John Madden

As a young man, me and my friends would hang out in bars – my two favorites The Monkey Farm in Deep River CT and the Beer Barrel in Portland ME – on Sunday afternoon and Monday evening in the fall. There we would drink much too much beer and watch NFL football. But what made it special was the presence and voice of John Madden, first as coach of the “lunch pail/outlaw” Oakland Raiders and then as football commentator. Madden, who could make the complex play or scheme simple, was larger than life. What other football analyst and “Merry Prankster” rode his own bus back and forth across the country to cover and call games. Madden died yesterday at the age of 85 and today much of the sports world grieves. He was the “genuine article.”

Syndicalist spirit?

On the left – not across the board – there has always been a syndicalist spirit so I have to wonder if the current strike surge will provide fresh ammunition for such a tendency. Let’s hope not!

Christmas as a young boy

Even when I was an altar boy – head altar boy no less – Catholic mass wasn’t one of my go to activities. But Christmas Day mass, as a young boy and in small town in Maine fell into a different category. To begin with, the joy of the day, felt in my home, school, and neighborhood, was no stranger to mass that day. The birth of a child in modest circumstances and in a far off land gave the occasion a magical, wondrous feeling. What is more on this day I wasn’t simply seated in a pew with other churchgoers, but next to my mother (I wasn’t yet an altar boy, too young) who I adored and she was the organist and played, alongside a choir, in a loft like space high above everybody else. In the early part of the mass music was sung in in Latin – beautiful nevertheless – filled every space in this small church, but then gave way to familiar carols near the end of the mass that everybody sang and that captured the transcendent spirit of of the holiday. Finally, immediately after the priest brought the mass to a close with the ancient salutation, “Dominus vobiscum,” (The Lord be with you) the participants, young and old, relatives and friends, would gather at the foot of the church’s steps overlooking the Kennebec River and exchange Christmas greetings.

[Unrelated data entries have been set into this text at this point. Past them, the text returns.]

(* Let $T$ be a complete theory with monster model $\mathcal{U}$, $\mu\in\mathfrak{M}_x(\mathcal{U})$, $\nu\in\mathfrak{M}_y(\mathcal{U})$, and $f:\mathcal{U}^y\to\mathcal{U}^z$ a definable map (with parameters). If $\mu\geq_{\mathbb{E}}\nu$, then $\mu\geq_{\mathbb{E}}f(\nu)$.
   Context: For $C\subseteq\mathcal{U}$, $\mathcal{L}_x(C)$ is the Boolean algebra of formulas in $x$ with parameters from $C$ modulo $T$, embedded in $\mathcal{L}_{xy}(C)$ via $\varphi(x)\mapsto\varphi(x)\wedge y=y$; $\mathfrak{M}_x(C)$ is the set of finitely additive probability measures on $\mathcal{L}_x(C)$. For $\omega\in\mathfrak{M}_{xy}(C)$, $\pi_x(\omega)(\varphi(x))=\omega(\varphi(x)\wedge y=y)$ (similarly $\pi_y$); $\omega|_D$ is restriction. The push-forward is $f(\nu)(\psi(z))=\nu(\psi(f(y)))$. For small $A$, $\mu\geq_{\mathbb{E},A}\nu$ means there is $\lambda\in\mathfrak{M}_{xy}(A)$ with $\pi_x(\lambda)=\mu|_A$ such that every $\omega\in\mathfrak{M}_{xy}(\mathcal{U})$ with $\omega|_A=\lambda$ and $\pi_x(\omega)=\mu$ satisfies $\pi_y(\omega)=\nu$; $\mu\geq_{\mathbb{E}}\nu$ means this holds for some small $A$ (defined analogously for other variable tuples). *)

From mathcomp Require Import all_boot.
From Stdlib Require Import Reals.
From Stdlib Require List.

Set Implicit Arguments.
Unset Strict Implicit.
Unset Printing Implicit Defensive.

Record signature := Signature {
  fsym : Type; farity : fsym -> nat;
  rsym : Type; rarity : rsym -> nat }.

Record structure (L : signature) := Structure {
  carrier :> Type;
  finterp : forall f : fsym L, ('I_(farity f) -> carrier) -> carrier;
  rinterp : forall r : rsym L, ('I_(rarity r) -> carrier) -> Prop }.

Inductive term (L : signature) (P : Type) : Type :=
| tvar (i : nat)
| tpar (p : P)
| tapp (f : fsym L) (args : 'I_(farity f) -> term L P).

Inductive formula (L : signature) (P : Type) : Type :=
| feq (t1 t2 : term L P)
| frel (r : rsym L) (args : 'I_(rarity r) -> term L P)
| fneg (phi : formula L P)
| fand (phi psi : formula L P)
| fex (i : nat) (phi : formula L P).

Section Semantics.
Variables (L : signature) (M : structure L).

Fixpoint eval_term (s : nat -> M) (t : term L M) : M :=
  match t with
  | tvar i => s i
  | tpar p => p
  | tapp f args => @finterp L M f (fun j => eval_term s (args j))
  end.

Definition upd (s : nat -> M) (i : nat) (a : M) : nat -> M :=
  fun j => if j == i then a else s j.

Fixpoint sat (s : nat -> M) (phi : formula L M) : Prop :=
  match phi with
  | feq t1 t2 => eval_term s t1 = eval_term s t2
  | frel r args => @rinterp L M r (fun j => eval_term s (args j))
  | fneg phi => ~ sat s phi
  | fand phi psi => sat s phi /\ sat s psi
  | fex i phi => exists a : M, sat (upd s i a) phi
  end.

Fixpoint tparams_in (A : M -> Prop) (t : term L M) : Prop :=
  match t with
  | tvar _ => True
  | tpar p => A p
  | tapp f args => forall j, tparams_in A (args j)
  end.

Fixpoint fparams_in (A : M -> Prop) (phi : formula L M) : Prop :=
  match phi with
  | feq t1 t2 => tparams_in A t1 /\ tparams_in A t2
  | frel r args => forall j, tparams_in A (args j)
  | fneg phi => fparams_in A phi
  | fand phi psi => fparams_in A phi /\ fparams_in A psi
  | fex _ phi => fparams_in A phi
  end.

(** A subset X of M^n is definable over A: it is the set defined by a formula
    with parameters in A whose free variables are among 0..n-1 (variable i
    is the i-th coordinate). *)
Definition definable (n : nat) (A : M -> Prop) (X : ('I_n -> M) -> Prop) : Prop :=
  exists phi : formula L M, fparams_in A phi /\
    forall s : nat -> M, X (fun i : 'I_n => s (nat_of_ord i)) <-> sat s phi.

Definition setTM : M -> Prop := fun _ => True.

(** * Monster model (kappa = |K|) *)

Definition small (K : Type) (A : M -> Prop) : Prop :=
  ~ exists g : K -> M, injective g /\ forall k, A (g k).

Definition saturated (K : Type) : Prop :=
  forall (A : M -> Prop), small K A ->
  forall (n : nat) (p : (('I_n -> M) -> Prop) -> Prop),
    (forall X, p X -> definable A X) ->
    (forall l : list (('I_n -> M) -> Prop),
        (forall X, List.In X l -> p X) ->
        exists a, forall X, List.In X l -> X a) ->
    exists a, forall X, p X -> X a.

Definition automorphism (sigma : M -> M) : Prop :=
  bijective sigma /\
  (forall f args, sigma (@finterp L M f args) = @finterp L M f (sigma \o args)) /\
  (forall r args, @rinterp L M r args <-> @rinterp L M r (sigma \o args)).

Definition strongly_homogeneous (K : Type) : Prop :=
  forall (I : Type) (a b : I -> M),
    ~ (exists g : K -> I, injective g) ->
    (forall phi : formula L M, fparams_in (fun _ => False) phi ->
       forall g : nat -> I, sat (a \o g) phi <-> sat (b \o g) phi) ->
    exists sigma, automorphism sigma /\ forall i, sigma (a i) = b i.

Definition monster (K : Type) : Prop :=
  (exists g : nat -> K, injective g) /\ saturated K /\ strongly_homogeneous K.

Local Open Scope R_scope.

(* finitely additive probability measure on the Boolean algebra of
   C-definable subsets of M^n (= L_x(C), |x| = n, formulas modulo T) *)
Definition keisler (n : nat) (C : M -> Prop) (mu : (('I_n -> M) -> Prop) -> R) : Prop :=
  (forall X, definable C X -> 0 <= mu X) /\
  mu (fun _ => True) = 1 /\
  (forall X Y, definable C X -> definable C Y ->
     (forall a, X a <-> Y a) -> mu X = mu Y) /\
  (forall X Y, definable C X -> definable C Y ->
     (forall a, ~ (X a /\ Y a)) ->
     mu (fun a => X a \/ Y a) = mu X + mu Y).

(* coordinates of M^(n+m): the first n are x, the last m are y *)
Definition xpart n m (a : 'I_(n + m) -> M) : 'I_n -> M := fun i => a (lshift m i).
Definition ypart n m (a : 'I_(n + m) -> M) : 'I_m -> M := fun j => a (rshift n j).

(* phi(x) /\ y = y   and   x = x /\ psi(y) *)
Definition cylx n m (X : ('I_n -> M) -> Prop) : ('I_(n + m) -> M) -> Prop :=
  fun a => X (xpart a).
Definition cyly n m (Y : ('I_m -> M) -> Prop) : ('I_(n + m) -> M) -> Prop :=
  fun a => Y (ypart a).

Definition keisler_ge_at (n m : nat) (A : M -> Prop)
    (mu : (('I_n -> M) -> Prop) -> R) (nu : (('I_m -> M) -> Prop) -> R) : Prop :=
  exists lam : (('I_(n + m) -> M) -> Prop) -> R,
    keisler A lam /\
    (forall X, definable A X -> lam (@cylx n m X) = mu X) /\
    forall om : (('I_(n + m) -> M) -> Prop) -> R,
      keisler setTM om ->
      (forall Z, definable A Z -> om Z = lam Z) ->
      (forall X, definable setTM X -> om (@cylx n m X) = mu X) ->
      forall Y, definable setTM Y -> om (@cyly n m Y) = nu Y.

Definition keisler_ge (K : Type) (n m : nat)
    (mu : (('I_n -> M) -> Prop) -> R) (nu : (('I_m -> M) -> Prop) -> R) : Prop :=
  exists A : M -> Prop, small K A /\ keisler_ge_at A mu nu.

Definition definable_map (m k : nat) (f : ('I_m -> M) -> ('I_k -> M)) : Prop :=
  definable setTM (fun a : 'I_(m + k) -> M =>
    forall j : 'I_k, f (xpart a) j = ypart a j).

Definition pushforward (m k : nat) (f : ('I_m -> M) -> ('I_k -> M))
    (nu : (('I_m -> M) -> Prop) -> R) : (('I_k -> M) -> Prop) -> R :=
  fun Y => nu (fun b => Y (f b)).

End Semantics.

(* Let [lam] over a small set [A] witness [mu >=_{E,A} nu], and let [A'] be [A] together
   with the finitely many parameters defining [f]; [A'] is still small because [K] is
   infinite.  First extend [lam], compatibly with [mu] on the cylinders [phi(x) /\ y = y],
   to a finitely additive probability [w0] on all subsets of [M^(x y)].  Its image [lam']
   under [g (x, y) = (x, f y)] witnesses [mu >=_{E,A'} f(nu)]: if a global [w'] extends
   [lam'] over [A'] and has [x]-marginal [mu], then [g^-1 Z |-> w' Z] is compatible with
   [lam]; a common extension [w] extends [lam] and has [x]-marginal [mu], hence
   [y]-marginal [nu], and [w' (W(z)) = w (W(f y)) = nu (W o f)].
   Both extensions rest on the Horn-Tarski criterion: prescribed values [(X, v)] extend to
   a finitely additive probability on all sets if, whenever the indicator sums of two finite
   subfamilies are pointwise ordered, so are the sums of their values.  It is proved with
   Zorn's lemma, the value at a new set being the supremum of the lower bounds forced on it. *)

From Pilot Require Import Defs.
From mathcomp Require Import all_boot zify boolp classical_sets.
From Stdlib Require Import Reals Lra.

Set Implicit Arguments.
Unset Strict Implicit.
Unset Printing Implicit Defensive.

Local Open Scope classical_set_scope.

(** * Tuples and definable sets *)

Section Join.
Variable T : Type.

Definition join p q (x : 'I_p -> T) (y : 'I_q -> T) : 'I_(p + q) -> T :=
  fun i => match fintype.split i with inl a => x a | inr b => y b end.

Lemma join_lshift p q (x : 'I_p -> T) (y : 'I_q -> T) i : join x y (lshift q i) = x i.
Proof. by rewrite /join (unsplitK (inl i)). Qed.

Lemma join_rshift p q (x : 'I_p -> T) (y : 'I_q -> T) j : join x y (rshift p j) = y j.
Proof. by rewrite /join (unsplitK (inr j)). Qed.

Lemma join_compl p q (x : 'I_p -> T) (y : 'I_q -> T) : join x y \o lshift q = x.
Proof. by apply: funext => i; rewrite /= join_lshift. Qed.

Lemma join_compr p q (x : 'I_p -> T) (y : 'I_q -> T) : join x y \o @rshift p q = y.
Proof. by apply: funext => j; rewrite /= join_rshift. Qed.

End Join.

Lemma join_comp (T U : Type) (g : T -> U) p q (x : 'I_p -> T) (y : 'I_q -> T) :
  g \o join x y = join (g \o x) (g \o y).
Proof. by apply: funext => i; rewrite /join /=; case: fintype.split. Qed.

Lemma join_inj p q r (s : 'I_p -> 'I_r) (t : 'I_q -> 'I_r) :
  injective s -> injective t -> (forall i j, s i <> t j) -> injective (join s t).
Proof.
move=> s_inj t_inj st i j; rewrite /join.
case: splitP => a ia; case: splitP => b jb => E; apply: val_inj; rewrite /= ia jb.
- by rewrite (s_inj _ _ E).
- by case: (st _ _ E).
- by case: (st _ _ (esym E)).
- by rewrite (t_inj _ _ E).
Qed.

Section JoinParts.
Variables (L : signature) (M : structure L).

Lemma xpart_join p q (x : 'I_p -> M) (y : 'I_q -> M) : xpart (join x y) = x.
Proof. by apply: funext => i; rewrite /xpart join_lshift. Qed.

Lemma ypart_join p q (x : 'I_p -> M) (y : 'I_q -> M) : ypart (join x y) = y.
Proof. by apply: funext => j; rewrite /ypart join_rshift. Qed.

Lemma join_parts p q (a : 'I_(p + q) -> M) : join (xpart a) (ypart a) = a.
Proof.
apply: funext => i; rewrite /join /xpart /ypart.
by case: splitP => j ij; congr a; apply: val_inj; rewrite /= ij.
Qed.

End JoinParts.

Section Syntax.
Variables (L : signature) (M : structure L).
Implicit Types (A : set M) (rho : nat -> nat) (s : nat -> M).

Fixpoint trename rho (t : term L M) : term L M :=
  match t with
  | tvar i => tvar L M (rho i)
  | tpar p => tpar L p
  | tapp f args => tapp (fun j => trename rho (args j))
  end.

Fixpoint frename rho (phi : formula L M) : formula L M :=
  match phi with
  | feq t1 t2 => feq (trename rho t1) (trename rho t2)
  | Defs.frel r args => Defs.frel (fun j => trename rho (args j))
  | fneg phi => fneg (frename rho phi)
  | fand phi psi => fand (frename rho phi) (frename rho psi)
  | fex i phi => fex (rho i) (frename rho phi)
  end.

Lemma eval_trename rho s t : eval_term s (trename rho t) = eval_term (s \o rho) t.
Proof. by elim: t => [i|p|f args IH] //=; congr finterp; apply: funext => j; exact: IH. Qed.

Lemma upd_comp rho s i a : injective rho -> upd s (rho i) a \o rho = upd (s \o rho) i a.
Proof. by move=> rho_inj; apply: funext => j; rewrite /upd /= (inj_eq rho_inj). Qed.

Lemma sat_frename rho phi s : injective rho -> sat s (frename rho phi) <-> sat (s \o rho) phi.
Proof.
move=> rho_inj; elim: phi s => [t1 t2|r args|phi IH|phi IH psi IH'|i phi IH] s /=.
- by rewrite !eval_trename.
- suff -> : (fun j => eval_term s (trename rho (args j))) =
            (fun j => eval_term (s \o rho) (args j)) by [].
  by apply: funext => j; rewrite eval_trename.
- by rewrite IH.
- by rewrite IH IH'.
- by split=> -[a Ha]; exists a; move: Ha; rewrite IH upd_comp.
Qed.

Lemma tparams_inS A A' t : A `<=` A' -> tparams_in A t -> tparams_in A' t.
Proof. by move=> AA'; elim: t => [i|p|f args IH] //=; [exact: AA' | move=> H j; exact: IH]. Qed.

Hollow claims and deadly results

If anything has shown the hollow claims of neoliberalism, it’s Covid. In its rapid spread across the planet, this deadly virus revealed in spectacular fashion what three decades of neoliberalism has wrought: the absence of a social and caring infrastructure, the poverty of wages of essential workers, the deadly and yawining gaps in our health care system, the racialized and gendered structure of social relations and life, the glaring differences in coping strategies between those at the top and bottom of the income structure, unnecessary deaths on an unimaginable scale, and much more. It’s time for its burial!

Send the joker home

Bravo Australlia!!! Never been a big fan of Djokovic. No surprise he doesn’t have the same fan support as Roger and Rafa. But back to the decision of the Austrailian government. To me the logic is simple: no one has the right to infect others. Austrailia has recorded only 2000+ deaths. If it ain’t broke, don’t fix it (or find exemptions from it).

I love sports, especially basketball, but I’m sick of a few top tier sport’s stars flaunting, ignoring, lying about, and mininizing the dangers of covid. In a pandemic everybody should be everybody’s keeper. Elect Democrats this fall!